Sur le papier, cette architecture donne des gages à ceux qui redoutaient un simulacre de concertation. Dans les faits, elle ne suffit pas à dissiper les doutes. La CENCO et l’ECC, pourtant à l’origine du déblocage de juillet, formulent elles-mêmes des réserves sur le format proposé, tout en poursuivant, en parallèle, leurs propres consultations avec l’opposition. Elles se disent même ouvertes à dialoguer avec l’AFC/M23 et avec Joseph Kabila — une porte que le pouvoir, de son côté, entend fermement garder close.

Cette prudence des Églises n’est pas anodine : elle place la médiation religieuse dans une position d’équilibriste, coincée entre un pouvoir qui veut garder la main sur le calendrier et un camp de l’opposition qui, lui, réclame un format bien plus ouvert. Une commission mixte interconfessionnelle a d’ailleurs été mise en place pour tenter de dessiner une feuille de route qui satisfasse un minimum les deux camps.

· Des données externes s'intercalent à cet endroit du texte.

(* Let $k$ be a field of characteristic $p > 0$, let $n \geq 3$, let $d_1 \ge d_2 \ge \dots \ge d_n \ge 2$ be integers, and let $A = k[x_1,\ldots,x_n]/(x_1^{d_1}, \ldots, x_n^{d_n})$. Write $d_i = N_i p + r_i$ with $N_i$ integers and $0<r_i\le p$. If one of the conditions below holds, then $A$ fails to have the strong Lefschetz property: (1) $p = 2$; (2) $p \geq 3$, $d_1 > p$, $d_2 \leq p$ and $\sum_{i=2}^n (d_i - 1) > r_1$; (3) $p \geq 3$, $d_1 > p$, $d_2 \leq p$ and $r_1 + \sum_{i=2}^n(d_i-1) > p$; (4) $p \geq 3$, $d_1 \leq p$ and $\sum_{i=1}^n(d_i-1) \geq p$; (5) $p \geq 3$ and $d_2 > p$.
   Context: $A$ is graded by degree, $A=\bigoplus_{i\ge0} A_i$. A linear map has maximal rank if it is injective or surjective. A graded artinian algebra $A$ has the strong Lefschetz property if there is a linear form $\ell\in A_1$ such that for all $i\ge 0$ and all $m\ge 1$ the map $A_i\to A_{i+m}$, $a\mapsto \ell^m a$, has maximal rank. *)

From HB Require Import structures.
From mathcomp Require Import all_boot all_order all_algebra.
From mathcomp Require Import mpoly.
Set Implicit Arguments. Unset Strict Implicit. Unset Printing Implicit Defensive.
Import Order.TTheory GRing.Theory.
Local Open Scope ring_scope.
Lemma prob_Cs_one (s : R) : 'E_P[L n]%E @[n --> \oo] --> s%:E ->
  P (Cs_one L U G) = s%:E.
Proof.
move=> Lcvg.
(* The union over k <= n makes B nondecreasing everywhere, not only a.s. *)
pose B n := \bigcup_(k in [set k | 1 <= k <= n]%N) [set x | G x <= L k x].
have mB n : measurable (B n).
  by apply: bigcup_measurable => k _; exact: measurable_ler_set.
have ndB : nondecreasing_seq B.
  move=> i j ij; apply/subsetPset => x [k /andP[k1 ki] Gk].
  by exists k; rewrite //= k1 (leq_trans ki ij).
have PB n : P (B n.+1) = 'E_P[L n.+1]%E.
  rewrite -prob_G_le_L //.
  apply: (ae_eq_measure P (mB _) (measurable_ler_set mG (mL _))).
  apply: filterS brackets => x hx; split => [[k /andP[k1 kn] Gk] | GL].
    by apply: le_trans Gk _; have [] := nested_brackets_mono hx k1 kn.
  by exists n.+1; rewrite //= leqnn.
rewrite (ae_eq_measure P (measurable_Cs_one mL mU mG) (bigcupT_measurable _ mB));
  last first.
  apply: filterS brackets => x hx; apply: iff_trans (Cs_one_nested hx) _.
  split => [[n n1 GL] | [n _ [k /andP[k1 _] GL]]]; last by exists k.
  by exists n => //; exists n; rewrite //= n1 leqnn.
have := nondecreasing_cvg_mu (mu := P) mB (bigcupT_measurable _ mB) ndB.
rewrite -cvg_shiftS /= (funext PB) => PBcvg.
by apply: (cvg_unique _ PBcvg); move: Lcvg; rewrite -cvg_shiftS.
Qed.

Lemma prob_N_finite (s : R) : 'E_P[L n]%E @[n --> \oo] --> s%:E ->
  'E_P[U n]%E @[n --> \oo] --> s%:E -> P (N_finite L U G) = 1%E.
Proof.
move=> Lcvg Ucvg.
have mNF := measurable_N_finite mL mU mG.
rewrite -(setCK (N_finite L U G)) probability_setC; last exact: measurableC.
suff -> : P (~` N_finite L U G) = 0%E by rewrite sube0.
have le_gap n : (1 <= n)%N ->
    (P (~` N_finite L U G) <= 'E_P[U n] - 'E_P[L n])%E.
  move=> n1; rewrite -prob_N_gt //.
  apply: le_measure; rewrite ?inE; [exact: measurableC | exact: measurable_N_gt |].
  move=> x NFx k /andP[k1 _] sk; apply: NFx.
  by have [N NeqN _] := exists_first_stop k1 sk; exists N.
have gap : ('E_P[U n] - 'E_P[L n])%E @[n --> \oo] --> 0%E.
  by have := cvgeB _ Ucvg Lcvg; rewrite subee //; apply.
apply/eqP; rewrite eq_le measure_ge0 andbT.
rewrite -(cvg_lim _ gap) //; apply: lime_ge; first by apply/cvg_ex; exists 0%E.
by exists 1%N => // n /= n1; exact: le_gap.
Qed.

End algorithm3.
Lemma prime_nth_primes j : j < r -> prime (p j).
Proof. by move=> lt_jr; have := mem_nth 0 lt_jr; rewrite mem_primes => /andP[]. Qed.

Lemma bigOmega_expo d : d %| n -> bigOmega d = \sum_(0 <= j < r) expo n d j.
Proof. by move=> dvd_dn; rewrite (bigOmega_dvd n_gt0 dvd_dn) (big_nth 0). Qed.

Lemma expo_mul_prime d i j : 0 < d -> i < r -> j < r ->
  expo n (d * p i) j = expo n d j + (j == i).
Proof.
move=> d_gt0 lt_ir lt_jr; have p_pr := prime_nth_primes lt_ir.
by rewrite /expo (lognM _ d_gt0 (prime_gt0 p_pr)) (logn_prime _ p_pr) nth_uniq ?primes_uniq.
Qed.

Lemma raise_indexP d : d %| n -> 2 * bigOmega d < bigOmega n ->
  J d < r /\ expo n d (J d) < expo n n (J d).
Proof.
move=> dvd_dn lt_Omega.
have r_gt0 : 0 < r.
  rewrite lt0n size_eq0; apply: contraTneq lt_Omega => primes_nil.
  by rewrite /bigOmega primes_nil big_nil.
have [lt_Jr _ _] := last_argminP (level (expo n n) (expo n d)) r_gt0.
split=> //; apply: raise_index_not_full => // [l _|]; first exact: dvdn_leq_log.
by rewrite -!bigOmega_expo.
Qed.

Lemma raiseP d : d %| n -> 2 * bigOmega d < bigOmega n ->
  [/\ raise n d %| n, bigOmega (raise n d) = (bigOmega d).+1 & d %| raise n d].
Proof.
move=> dvd_dn lt_Omega; have [lt_Jr room] := raise_indexP dvd_dn lt_Omega.
have p_pr := prime_nth_primes lt_Jr; have d_gt0 := dvdn_gt0 n_gt0 dvd_dn.
split; last exact: dvdn_mulr.
  rewrite /raise mulnC -dvdn_divRL // -(expn1 (p _)) pfactor_dvdn //; last first.
    by rewrite divn_gt0 // dvdn_leq.
  by rewrite logn_div // subn_gt0.
by rewrite /raise (bigOmegaM d_gt0 (prime_gt0 p_pr)) (bigOmega_prime p_pr) addn1.
Qed.

Lemma raise_inj d1 d2 : d1 %| n -> d2 %| n ->
    2 * bigOmega d1 < bigOmega n -> 2 * bigOmega d2 < bigOmega n ->
  raise n d1 = raise n d2 -> d1 = d2.
Proof.
move=> dvd_d1n dvd_d2n lt_Omega1 lt_Omega2 eq_raise.
have [lt_J1r _] := raise_indexP dvd_d1n lt_Omega1.
have [lt_J2r _] := raise_indexP dvd_d2n lt_Omega2.
have d1_gt0 := dvdn_gt0 n_gt0 dvd_d1n; have d2_gt0 := dvdn_gt0 n_gt0 dvd_d2n.
have eq_J : J d1 = J d2.
  apply: raise_index_inj => [|l lt_lr]; first exact: leq_ltn_trans lt_J1r.
  by rewrite -!expo_mul_prime // -/(raise n d1) eq_raise.
apply/eqP; rewrite -(eqn_pmul2r (prime_gt0 (prime_nth_primes lt_J1r))).
by rewrite [in X in _ == X]eq_J -/(raise n d1) eq_raise.
Qed.

Lemma iter_raiseP m d : d %| n ->
    (forall j, bigOmega d <= j < bigOmega d + m -> 2 * j < bigOmega n) ->
  [/\ iter m (raise n) d %| n, bigOmega (iter m (raise n) d) = bigOmega d + m
    & d %| iter m (raise n) d].
Proof.
move=> dvd_dn; elim: m => [|m IH] room; first by rewrite addn0 dvdnn.
have [dvd_n Omega_m dvd_d] : [/\ iter m (raise n) d %| n,
    bigOmega (iter m (raise n) d) = bigOmega d + m & d %| iter m (raise n) d].
  by apply: IH => j le_j; apply: room; lia.
have [|dvd_raise_n -> dvd_raise] := raiseP dvd_n; first by rewrite Omega_m room //; lia.
by rewrite Omega_m addnS (dvdn_trans dvd_d).
Qed.

Lemma iter_raise_inj m d1 d2 : d1 %| n -> d2 %| n -> bigOmega d1 = bigOmega d2 ->
    (forall j, bigOmega d1 <= j < bigOmega d1 + m -> 2 * j < bigOmega n) ->
  iter m (raise n) d1 = iter m (raise n) d2 -> d1 = d2.
Proof.
move=> dvd_d1n dvd_d2n eq_Omega; elim: m => [|m IH] room //=.
have room_m j : bigOmega d1 <= j < bigOmega d1 + m -> 2 * j < bigOmega n.
  by move=> le_j; apply: room; lia.
have [dvd1 Omega1 _] := iter_raiseP dvd_d1n room_m.
have [|dvd2 Omega2 _] := iter_raiseP (m := m) dvd_d2n; first by rewrite -eq_Omega.
move/raise_inj => eq_iter; apply: IH => //; apply: eq_iter => //.
  by rewrite Omega1 room //; lia.
by rewrite Omega2 -eq_Omega room //; lia.
Qed.

Definition raise_to k d := iter (k - bigOmega d) (raise n) d.

Lemma raise_toP k d : d %| n -> bigOmega d <= k ->
    (bigOmega d < k -> 2 * k <= (bigOmega n).+1) ->
  [/\ raise_to k d %| n, bigOmega (raise_to k d) = k & d %| raise_to k d].
Proof.
move=> dvd_dn le_dk room; have [|dvd_n -> dvd_d] := iter_raiseP (m := k - bigOmega d) dvd_dn.
  by move=> j le_j; have := room; lia.
by rewrite subnKC.
Qed.

Lemma raise_to_eq_dvd k a b : a %| n -> b %| n -> bigOmega a <= bigOmega b <= k ->
    (bigOmega a < k -> 2 * k <= (bigOmega n).+1) ->
  raise_to k a = raise_to k b -> a %| b.
Proof.
move=> dvd_an dvd_bn /andP[le_ab le_bk] room.
have room_j j : bigOmega a <= j < k -> 2 * j < bigOmega n by have := room; lia.
set c := iter (bigOmega b - bigOmega a) (raise n) a.
have [|dvd_cn Omega_c dvd_ac] := iter_raiseP (m := bigOmega b - bigOmega a) dvd_an.
  by move=> j le_j; apply: room_j; lia.
rewrite subnKC // -/c in Omega_c dvd_cn dvd_ac.
move=> eq_raise; suff <- : c = b by [].
apply: (iter_raise_inj (m := k - bigOmega b)) => //; last first.
  by rewrite -iterD addnBA // subnK // -eq_raise.
move=> j; rewrite Omega_c subnKC // => /andP[le_bj lt_jk].
by apply: room_j; rewrite lt_jk (leq_trans le_ab le_bj).
Qed.

Definition lower_to k d := n %/ raise_to (bigOmega n - k) (n %/ d).

Lemma raise_to_complementP k d : d %| n -> k <= bigOmega d ->
    (k < bigOmega d -> bigOmega n <= (2 * k).+1) ->
  [/\ raise_to (bigOmega n - k) (n %/ d) %| n,
      bigOmega (raise_to (bigOmega n - k) (n %/ d)) = bigOmega n - k
    & n %/ d %| raise_to (bigOmega n - k) (n %/ d)].
Proof.
move=> dvd_dn le_kd room; have Omega_nd := bigOmega_divn n_gt0 dvd_dn.
by apply: raise_toP; rewrite ?dvdn_div //; lia.
Qed.

Lemma lower_toP k d : d %| n -> k <= bigOmega d ->
    (k < bigOmega d -> bigOmega n <= (2 * k).+1) ->
  [/\ lower_to k d %| n, bigOmega (lower_to k d) = k & lower_to k d %| d].
Proof.
move=> dvd_dn le_kd room.
have [dvd_un Omega_u dvd_ndu] := raise_to_complementP dvd_dn le_kd room.
have le_kn : k <= bigOmega n.
  by rewrite -(bigOmega_divn n_gt0 dvd_dn) (leq_trans le_kd) ?leq_addl.
split; first exact: dvdn_div.
  apply/eqP; rewrite -(eqn_add2r (bigOmega n - k)) -{1}Omega_u bigOmega_divn //.
  by rewrite subnKC.
by rewrite -{2}(divn_divnK n_gt0 dvd_dn) dvdn_div2l ?dvdn_div.
Qed.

Côté C64, l’attente devient méfiance. La coalition a accepté le report de sa mobilisation contre la promesse d’une convocation formelle du dialogue avant le 15 août. L’échéance passée sans qu’aucune ordonnance présidentielle ne soit publiée, elle a acté la reprise de ses actions de terrain et fixé rendez-vous pour une nouvelle marche nationale le 15 septembre — signe que la patience de l’opposition, déjà entamée en juillet, a désormais atteint sa limite.

Les lignes rouges qui bloquent tout

Au-delà des questions de calendrier, c’est sur le fond que les positions restent, à ce stade, difficilement conciliables. Le pouvoir a fixé, par la voix de son porte-parole Patrick Muyaya, des limites précises : le dialogue doit se tenir sur le sol national, sous la conduite des institutions de la République, dans le respect de la Constitution en vigueur. Il ne saurait remettre en cause ni les institutions issues du suffrage universel, ni les décisions de justice déjà rendues — une allusion directe aux condamnations visant Joseph Kabila et Corneille Nangaa.

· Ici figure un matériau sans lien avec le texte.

(* (1) For every $\theta\in\mathbb{C}^4$, the projective surface $\overline{\mathcal{S}}(\theta)$ is smooth in a neighborhood of $L=L_1\cup L_2\cup L_3$. (2) If $\theta=\mathrm{rh}(\kappa)$ with $\kappa\in\mathcal{K}$, then $\overline{\mathcal{S}}(\theta)$ is smooth everywhere if and only if $\kappa\in\mathcal{K}\setminus\mathrm{Wall}$.
   Context: For $\theta=(\theta_1,\theta_2,\theta_3,\theta_4)\in\mathbb{C}^4$, $\overline{\mathcal{S}}(\theta)\subset\mathbb{P}^3$ is the cubic surface $X_1X_2X_3+X_0(X_1^2+X_2^2+X_3^2)-X_0^2(\theta_1X_1+\theta_2X_2+\theta_3X_3)+\theta_4X_0^3=0$, the closure of the affine surface $x_1x_2x_3+x_1^2+x_2^2+x_3^2-\theta_1x_1-\theta_2x_2-\theta_3x_3+\theta_4=0$ via $x\mapsto[1:x_1:x_2:x_3]$; $L_i=\{X_0=X_i=0\}$ for $i=1,2,3$. $\mathcal{K}=\{\kappa\in\mathbb{C}^5:2\kappa_0+\kappa_1+\kappa_2+\kappa_3+\kappa_4=1\}$; $\mathrm{Wall}$ is the union of the hyperplanes $\kappa_i=m$ ($i=1,\dots,4$, $m\in\mathbb{Z}$) and $\kappa_1\pm\kappa_2\pm\kappa_3\pm\kappa_4=2m+1$ ($m\in\mathbb{Z}$). The map $\mathrm{rh}:\mathcal{K}\to\mathbb{C}^4$ is defined by $a_i=2\cos\pi\kappa_i$ ($i=1,2,3$), $a_4=-2\cos\pi\kappa_4$, $\theta_i=a_ia_4+a_ja_k$ for $\{i,j,k\}=\{1,2,3\}$, and $\theta_4=a_1a_2a_3a_4+a_1^2+a_2^2+a_3^2+a_4^2-4$. *)

From mathcomp Require Import all_boot all_order all_algebra.
From mathcomp Require Import complex.
From mathcomp Require Import reals sequences trigo.
From mathcomp Require Import mpoly.
Set Implicit Arguments.
Unset Strict Implicit.
Unset Printing Implicit Defensive.
Import GRing.Theory Num.Theory.
Local Open Scope ring_scope.

Section Defs.
Variable R : realType.
Local Notation C := (R[i]).

Definition ccos (z : C) : C :=
  let x := complex.Re z in let y := complex.Im z in
  let ch := (expR y + expR (- y)) / 2 in
  let sh := (expR y - expR (- y)) / 2 in
  Complex (cos x * ch) (- (sin x * sh)).

Definition Xc (j : nat) : {mpoly C[4]} := 'X_(inord j).

Definition Fcubic (t1 t2 t3 t4 : C) : {mpoly C[4]} :=
  Xc 1 * Xc 2 * Xc 3
  + Xc 0 * (Xc 1 ^+ 2 + Xc 2 ^+ 2 + Xc 3 ^+ 2)
  - Xc 0 ^+ 2 * (t1%:MP * Xc 1 + t2%:MP * Xc 2 + t3%:MP * Xc 3)
  + t4%:MP * Xc 0 ^+ 3.

(* x : 'I_4 -> C, x <> 0, represents the point [x0:x1:x2:x3] of P^3.
   It is a singular point of the projective surface {F = 0} iff F and all
   its partial derivatives vanish at x (a scaling-invariant condition). *)
Definition singular_point (t1 t2 t3 t4 : C) (x : 'I_4 -> C) : Prop :=
  x <> (fun=> 0) /\ (Fcubic t1 t2 t3 t4).@[x] = 0 /\
  forall j : 'I_4, (mderiv j (Fcubic t1 t2 t3 t4)).@[x] = 0.

Definition smooth_everywhere (t1 t2 t3 t4 : C) : Prop :=
  forall x : 'I_4 -> C, ~ singular_point t1 t2 t3 t4 x.

Definition on_L (x : 'I_4 -> C) : Prop :=
  x (inord 0) = 0 /\
  (x (inord 1) = 0 \/ x (inord 2) = 0 \/ x (inord 3) = 0).

(* Smooth in a neighbourhood of L: since the singular locus is Zariski
   closed, this is equivalent to having no singular point on L. *)
Definition smooth_near_L (t1 t2 t3 t4 : C) : Prop :=
  forall x : 'I_4 -> C, on_L x -> ~ singular_point t1 t2 t3 t4 x.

Plus frontal encore : le pouvoir entend exclure de ce dialogue quiconque se « range du côté du Rwanda », présentant l’exercice non pas comme une négociation de paix — celle-ci relevant, selon Kinshasa, exclusivement des processus de Washington et de Doha — mais comme la construction d’un front intérieur, d’un bloc national uni face à ce qu’il qualifie d’agression rwandaise. Aucune concession n’est envisagée sur la souveraineté, l’intégrité territoriale ou les ressources naturelles du pays.

En face, l’opposition et une partie des confessions religieuses défendent une lecture radicalement différente de ce que devrait être un dialogue « inclusif ». Martin Fayulu, en particulier, exige explicitement la présence de figures que le pouvoir juge infréquentables, à commencer par Joseph Kabila et Corneille Nangaa. Pour ce courant, l’ordre du jour doit être large : gouvernance, révision constitutionnelle, organisation des élections, traitement des causes profondes de la crise, rien ne devrait, en théorie, être hors champ.

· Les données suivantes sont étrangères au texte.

(* Consider a network given by a finite directed graph whose vertex set consists of one or more gateway nodes together with $N\ge 1$ non-gateway nodes indexed by $\Gamma=\{1,\dots,N\}$, and whose directed edges (links) are indexed by $\Lambda=\{1,\dots,L\}$. For each non-gateway node $i\in\Gamma$ let $I_i\subseteq\Lambda$ be the set of links entering $i$ and $O_i\subseteq\Lambda$ the set of links leaving $i$. Let $S_l>0$ ($l\in\Lambda$), $n>0$ and $I_{k\to l}\ge 0$ ($k,l\in\Lambda$, $k\neq l$) be given, and for every nonempty $A\subseteq\Lambda$ and $l\in A$ define $$\gamma_{l,A}=\log\Big(1+\frac{S_l}{n+\sum_{k\in A\setminus\{l\}} I_{k\to l}}\Big).$$ Let $\alpha_i>0$ ($i\in\Gamma$) be given weights. Consider the linear program, over variables $x_A$ (one for each nonempty $A\subseteq\Lambda$), $r_l$ ($l\in\Lambda$), $d_i$ ($i\in\Gamma$) and $d$: maximize $d$ subject to $\sum_{A} x_A=1$; $r_l=\sum_{A\ni l} x_A\gamma_{l,A}$ for all $l\in\Lambda$; $\sum_{l\in I_i} r_l-\sum_{k\in O_i} r_k=d_i$ for all $i\in\Gamma$; $d_i\ge \alpha_i d$ for all $i\in\Gamma$; $x_A\ge 0$ for all nonempty $A\subseteq\Lambda$. Then this linear program has an optimal solution in which at most $N$ of the variables $x_A$ are nonzero. *)

From Stdlib Require Import Reals.
From mathcomp Require Import all_boot.
Set Implicit Arguments. Unset Strict Implicit. Unset Printing Implicit Defensive.

Open Scope R_scope.

(* Vertices: G gateway nodes (inl) and N non-gateway nodes (inr, i.e. Gamma). *)
Definition vertex (G N : nat) : finType := ('I_G + 'I_N)%type.


Definition gamma (L : nat) (S : 'I_L -> R) (n : R) (Intf : 'I_L -> 'I_L -> R)
  (l : 'I_L) (A : {set 'I_L}) : R :=
  ln (1 + S l / (n + \big[Rplus/R0]_(k | (k \in A) && (k != l)) Intf k l)).

(* Feasibility of (x, r, dv, d) for the LP. x is indexed by all subsets of
   Lambda; only nonempty subsets are variables (the value at set0 is unused). *)
Definition feasible (G N L : nat) (src dst : 'I_L -> vertex G N)
  (S : 'I_L -> R) (n : R) (Intf : 'I_L -> 'I_L -> R) (alpha : 'I_N -> R)
  (x : {set 'I_L} -> R) (r : 'I_L -> R) (dv : 'I_N -> R) (d : R) : Prop :=
  (\big[Rplus/R0]_(A : {set 'I_L} | A != set0) x A = 1) /\
  (forall l : 'I_L, r l = \big[Rplus/R0]_(A : {set 'I_L} | (A != set0) && (l \in A))
                             (x A * gamma S n Intf l A)) /\
  (forall i : 'I_N, \big[Rplus/R0]_(l : 'I_L | dst l == inr i) r l
                    - \big[Rplus/R0]_(k : 'I_L | src k == inr i) r k = dv i) /\
  (forall i : 'I_N, dv i >= alpha i * d) /\
  (forall A : {set 'I_L}, A != set0 -> x A >= 0).

Definition optimal (G N L : nat) (src dst : 'I_L -> vertex G N)
  (S : 'I_L -> R) (n : R) (Intf : 'I_L -> 'I_L -> R) (alpha : 'I_N -> R)
  (x : {set 'I_L} -> R) (r : 'I_L -> R) (dv : 'I_N -> R) (d : R) : Prop :=
  feasible src dst S n Intf alpha x r dv d /\
  (forall x' r' dv' d', feasible src dst S n Intf alpha x' r' dv' d' -> d' <= d).

(* Divide the constraint of node i by alpha_i: the program maximizes d over
   the points x of the probability simplex on the nonempty link sets subject to
   the N linear constraints d <= c_i . x.  From a feasible point (x, d) that
   admits a direction keeping the active constraints tight, one moves along it
   (or its opposite) until a coordinate of x vanishes or a new constraint
   becomes tight, without decreasing d; this terminates at a basic point, where
   no such direction exists.  Counting unknowns against equations, a basic
   point has no more nonzero coordinates than active constraints, hence at
   most N.  A basic point is determined by its support and active set, so the
   values at basic points form a finite set, and the largest one is optimal. *)

From Stdlib Require Import Reals ClassicalEpsilon.
From mathcomp Require Import all_boot all_order all_algebra.
From mathcomp Require Import Rstruct lra.
Import Order.TTheory GRing.Theory Num.Theory.
Set Implicit Arguments. Unset Strict Implicit. Unset Printing Implicit Defensive.
Open Scope R_scope.
Local Open Scope ring_scope.

Lemma homogeneous_system_nontrivial (F : fieldType) (U E : finType)
    (T : {set U}) (Q : {set E}) (a : E -> U -> F) :
  (#|Q| < #|T|)%N ->
  exists y : U -> F, [/\ exists u, y u != 0, forall u, u \notin T -> y u = 0
    & forall e, e \in Q -> \sum_u a e u * y u = 0].
Proof.
move=> ltQT; pose M : 'M[F]_(#|T|, #|Q|) := \matrix_(j, k) a (enum_val k) (enum_val j).
have /rowV0Pn[w /sub_kermxP wM0 w_neq0] : kermx M != 0.
  by rewrite kermx_eq0 /row_free neq_ltn (leq_ltn_trans (rank_leq_col M)).
pose y u := \sum_(j | enum_val j == u) w 0 j.
have y_enum j : y (enum_val j) = w 0 j.
  by rewrite /y (big_pred1 j) // => j'; rewrite /= (inj_eq enum_val_inj).
have y_out u : u \notin T -> y u = 0.
  move=> uT; rewrite /y big_pred0 // => j; apply: contraNF uT => /eqP <-.
  exact: enum_valP.
exists y; split=> // [|e eQ].
  have [j wj] : exists j, w 0 j != 0.
    apply/existsP; apply: contraNT w_neq0 => /existsPn wj0.
    by apply/eqP/rowP => j; rewrite mxE; apply/eqP/negPn/wj0.
  by exists (enum_val j); rewrite y_enum.
rewrite (bigID [in T]) /= [X in _ + X]big1 => [|u /y_out ->]; last by rewrite mulr0.
rewrite addr0 big_enum_val; have := congr1 (fun m : 'M_(1, #|Q|) => m 0 (enum_rank_in eQ e)) wM0.
rewrite !mxE => wQe; rewrite -[RHS]wQe; apply: eq_bigr => j _.
by rewrite mxE enum_rankK_in // y_enum mulrC.
Qed.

Cette divergence sur le fond en cache une seconde, plus politique encore : celle de la neutralité de la médiation. L’opposition et une partie de la société civile redoutent un dialogue piloté de bout en bout par la présidence, où les Églises ne joueraient qu’un rôle de caution morale sans réelle capacité d’arbitrage. Elles réclament, en creux, des garanties sur les libertés publiques et la libération de prisonniers politiques — des demandes que le pouvoir n’a, à ce stade, ni acceptées ni frontalement rejetées.

Le nœud du problème tient en une question simple, mais pour l’instant sans réponse consensuelle : qui aura le droit de s’asseoir à la table ? Le pouvoir refuse catégoriquement d’intégrer l’AFC/M23 à ce dialogue national, considérant que ce dossier relève exclusivement du cadre de Doha. L’opposition et une partie des religieux, eux, poussent pour une inclusivité qui dépasserait largement ce périmètre — quitte à y associer des figures que Kinshasa considère comme disqualifiées par la justice ou par leurs accointances supposées avec Kigali.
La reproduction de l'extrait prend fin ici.